» TASK INSTRUCTIONS
Repeat every entry exactly as given.

» PROVIDED RECORDS
Definition is_lambda (L : seq pt) (d : nat) (x : nat -> pt)
    (lam : pt -> pt -> nat) : Prop :=
  forall t, t <= d ->
    [/\ lam (x t) (x t.+1) = t.+1,
        ((x t.+1).1 = (x t).1.+1 ->
           forall j, ((x t).1, j) \in L -> ((x t.+1).1, j) \in L ->
             lam ((x t).1, j) ((x t.+1).1, j) = t.+1)
      & ((x t.+1).2 = (x t).2.+1 ->
           forall i, (i, (x t).2) \in L -> (i, (x t.+1).2) \in L ->
             lam (i, (x t).2) (i, (x t.+1).2) = t.+1)].

(* label tuple of the chain a = z_0 -> z_1 -> ... (z = [:: z_1; ...; z_k]) *)
Definition chain_labels (lam : pt -> pt -> nat) (a : pt) (z : seq pt) : seq nat :=
  pairmap lam a z.

Fixpoint lex_lt (s t : seq nat) : bool :=
  match s, t with
  | [::], [::] => false
  | [::], _ :: _ => true
  | _ :: _, [::] => false
  | a :: s', b :: t' => (a < b) || ((a == b) && lex_lt s' t')
  end.

Definition max_chain (L : seq pt) (a b : pt) (z : seq pt) : bool :=
  path (coversL L) a z && (last a z == b).

Definition EL_labeling (L : seq pt) (lam : pt -> pt -> nat) : Prop :=
  forall a b, a \in L -> b \in L -> le2 a b ->
    exists z0, [/\ max_chain L a b z0,
                   sorted leq (chain_labels lam a z0),
                   (forall z, max_chain L a b z ->
                      sorted leq (chain_labels lam a z) -> z = z0)
                 & (forall z, max_chain L a b z -> z != z0 ->
                      lex_lt (chain_labels lam a z0) (chain_labels lam a z))].

From mathcomp Require Import all_boot all_order.
From mathcomp Require Import zify.
Set Implicit Arguments. Unset Strict Implicit.

(* The increasing chain from p to b is the greedy one: step up whenever the
   point above p is in L and not higher than b, otherwise step right.
   Two comparisons of labels make it work.  Since c_0 is the upper boundary of
   every column it meets, a vertical edge at height j gets a smaller label
   than every horizontal edge leaving a column that reaches height j+1: c_0
   climbs past height j before it leaves that column.  And if (i,j) -> (i+1,j)
   is an edge with (i,j+1) outside L, then c_0 leaves column i before climbing
   past height j, as otherwise the join of (i,j) with a point of c_0 would put
   (i,j+1) in L.  The first comparison shows that a chain starting with a
   horizontal step where a vertical one was possible cannot be increasing
   (it must climb later) and is lexicographically larger than the greedy
   chain; together with the second one it shows that the greedy chain is
   increasing. *)

Lemma unit_stepP (a b : pt) :
  unit_step a b -> b = (a.1.+1, a.2) \/ b = (a.1, a.2.+1).
Proof. by case/orP=> /eqP ->; [left|right]. Qed.

Lemma unit_path_last (a : pt) (s : seq pt) : path unit_step a s ->
  rk (last a s) = rk a + size s /\ le2 a (last a s).
Proof.
elim: s a => [|c s IH] a /=; first by rewrite addn0 /le2 !leqnn.
case/andP=> /unit_stepP Hc /IH [].
by rewrite /rk /le2; case: Hc => -> /=; case: (last _ _) => u v /= ? /andP[? ?];
  (split; [lia | apply/andP; split; lia]).
Qed.

Lemma unit_step_rk (a b : pt) : unit_step a b -> rk b = (rk a).+1.
Proof. by case/unit_stepP=> ->; rewrite /rk /=; lia. Qed.

Lemma unit_step_le2 (a b : pt) : unit_step a b -> le2 a b.
Proof. by case/unit_stepP=> ->; rewrite /le2 /= !leqnn ?leqnSn. Qed.

Lemma le2_rk_lt (a c : pt) : le2 a c -> a <> c -> rk a < rk c.
Proof.
case: a c => u v [p q]; rewrite /le2 /rk /= => /andP[h1 h2] hne.
suff : u < p \/ v < q by lia.
case: (ltnP u p) => hu; first by left.
case: (ltnP v q) => hv; first by right.
by case: hne; congr pair; apply/eqP; rewrite eqn_leq ?h1 ?h2.
Qed.

Lemma exists_crossing (f : nat -> nat) i n : f 0 <= i -> i < f n ->
  exists2 t, t < n & f t <= i < f t.+1.
Proof.
elim: n => [|n IH] h0 hn; first lia.
case: (ltnP i (f n)) => h; last by exists n => //; apply/andP.
by have [t ht ht'] := IH h0 h; exists t => //; lia.
Qed.

Section Covers.
Variable L : seq pt.
Hypothesis HL : planar_distr_lattice L.

Lemma unit_step_covers a b : a \in L -> b \in L -> unit_step a b -> coversL L a b.
Proof.
move=> aL bL ab; have Hr := unit_step_rk ab.
rewrite /coversL aL bL /lt2 unit_step_le2 //=; apply/andP; split.
  by apply/eqP=> E; rewrite E in Hr; lia.
apply/hasPn => c _; apply/negP => /andP[] /andP[h1 /eqP h2] /andP[h3 /eqP h4].
have := le2_rk_lt h1 h2; have := le2_rk_lt h3 h4; lia.
Qed.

» YOUR RESPONSE
Definition is_lambda (L : seq pt) (d : nat) (x : nat -> pt)
    (lam : pt -> pt -> nat) : Prop :=
  forall t, t <= d ->
    [/\ lam (x t) (x t.+1) = t.+1,
        ((x t.+1).1 = (x t).1.+1 ->
           forall j, ((x t).1, j) \in L -> ((x t.+1).1, j) \in L ->
             lam ((x t).1, j) ((x t.+1).1, j) = t.+1)
      & ((x t.+1).2 = (x t).2.+1 ->
           forall i, (i, (x t).2) \in L -> (i, (x t.+1).2) \in L ->
             lam (i, (x t).2) (i, (x t.+1).2) = t.+1)].

(* label tuple of the chain a = z_0 -> z_1 -> ... (z = [:: z_1; ...; z_k]) *)
Definition chain_labels (lam : pt -> pt -> nat) (a : pt) (z : seq pt) : seq nat :=
  pairmap lam a z.

Fixpoint lex_lt (s t : seq nat) : bool :=
  match s, t with
  | [::], [::] => false
  | [::], _ :: _ => true
  | _ :: _, [::] => false
  | a :: s', b :: t' => (a < b) || ((a == b) && lex_lt s' t')
  end.

Definition max_chain (L : seq pt) (a b : pt) (z : seq pt) : bool :=
  path (coversL L) a z && (last a z == b).

Definition EL_labeling (L : seq pt) (lam : pt -> pt -> nat) : Prop :=
  forall a b, a \in L -> b \in L -> le2 a b ->
    exists z0, [/\ max_chain L a b z0,
                   sorted leq (chain_labels lam a z0),
                   (forall z, max_chain L a b z ->
                      sorted leq (chain_labels lam a z) -> z = z0)
                 & (forall z, max_chain L a b z -> z != z0 ->
                      lex_lt (chain_labels lam a z0) (chain_labels lam a z))].

From mathcomp Require Import all_boot all_order.
From mathcomp Require Import zify.
Set Implicit Arguments. Unset Strict Implicit.

(* The increasing chain from p to b is the greedy one: step up whenever the
   point above p is in L and not higher than b, otherwise step right.
   Two comparisons of labels make it work.  Since c_0 is the upper boundary of
   every column it meets, a vertical edge at height j gets a smaller label
   than every horizontal edge leaving a column that reaches height j+1: c_0
   climbs past height j before it leaves that column.  And if (i,j) -> (i+1,j)
   is an edge with (i,j+1) outside L, then c_0 leaves column i before climbing
   past height j, as otherwise the join of (i,j) with a point of c_0 would put
   (i,j+1) in L.  The first comparison shows that a chain starting with a
   horizontal step where a vertical one was possible cannot be increasing
   (it must climb later) and is lexicographically larger than the greedy
   chain; together with the second one it shows that the greedy chain is
   increasing. *)

Lemma unit_stepP (a b : pt) :
  unit_step a b -> b = (a.1.+1, a.2) \/ b = (a.1, a.2.+1).
Proof. by case/orP=> /eqP ->; [left|right]. Qed.

Lemma unit_path_last (a : pt) (s : seq pt) : path unit_step a s ->
  rk (last a s) = rk a + size s /\ le2 a (last a s).
Proof.
elim: s a => [|c s IH] a /=; first by rewrite addn0 /le2 !leqnn.
case/andP=> /unit_stepP Hc /IH [].
by rewrite /rk /le2; case: Hc => -> /=; case: (last _ _) => u v /= ? /andP[? ?];
  (split; [lia | apply/andP; split; lia]).
Qed.

Lemma unit_step_rk (a b : pt) : unit_step a b -> rk b = (rk a).+1.
Proof. by case/unit_stepP=> ->; rewrite /rk /=; lia. Qed.

Lemma unit_step_le2 (a b : pt) : unit_step a b -> le2 a b.
Proof. by case/unit_stepP=> ->; rewrite /le2 /= !leqnn ?leqnSn. Qed.

Lemma le2_rk_lt (a c : pt) : le2 a c -> a <> c -> rk a < rk c.
Proof.
case: a c => u v [p q]; rewrite /le2 /rk /= => /andP[h1 h2] hne.
suff : u < p \/ v < q by lia.
case: (ltnP u p) => hu; first by left.
case: (ltnP v q) => hv; first by right.
by case: hne; congr pair; apply/eqP; rewrite eqn_leq ?h1 ?h2.
Qed.

Lemma exists_crossing (f : nat -> nat) i n : f 0 <= i -> i < f n ->
  exists2 t, t < n & f t <= i < f t.+1.
Proof.
elim: n => [|n IH] h0 hn; first lia.
case: (ltnP i (f n)) => h; last by exists n => //; apply/andP.
by have [t ht ht'] := IH h0 h; exists t => //; lia.
Qed.

Section Covers.
Variable L : seq pt.
Hypothesis HL : planar_distr_lattice L.

Lemma unit_step_covers a b : a \in L -> b \in L -> unit_step a b -> coversL L a b.
Proof.
move=> aL bL ab; have Hr := unit_step_rk ab.
rewrite /coversL aL bL /lt2 unit_step_le2 //=; apply/andP; split.
  by apply/eqP=> E; rewrite E in Hr; lia.
apply/hasPn => c _; apply/negP => /andP[] /andP[h1 /eqP h2] /andP[h3 /eqP h4].
have := le2_rk_lt h1 h2; have := le2_rk_lt h3 h4; lia.
Qed.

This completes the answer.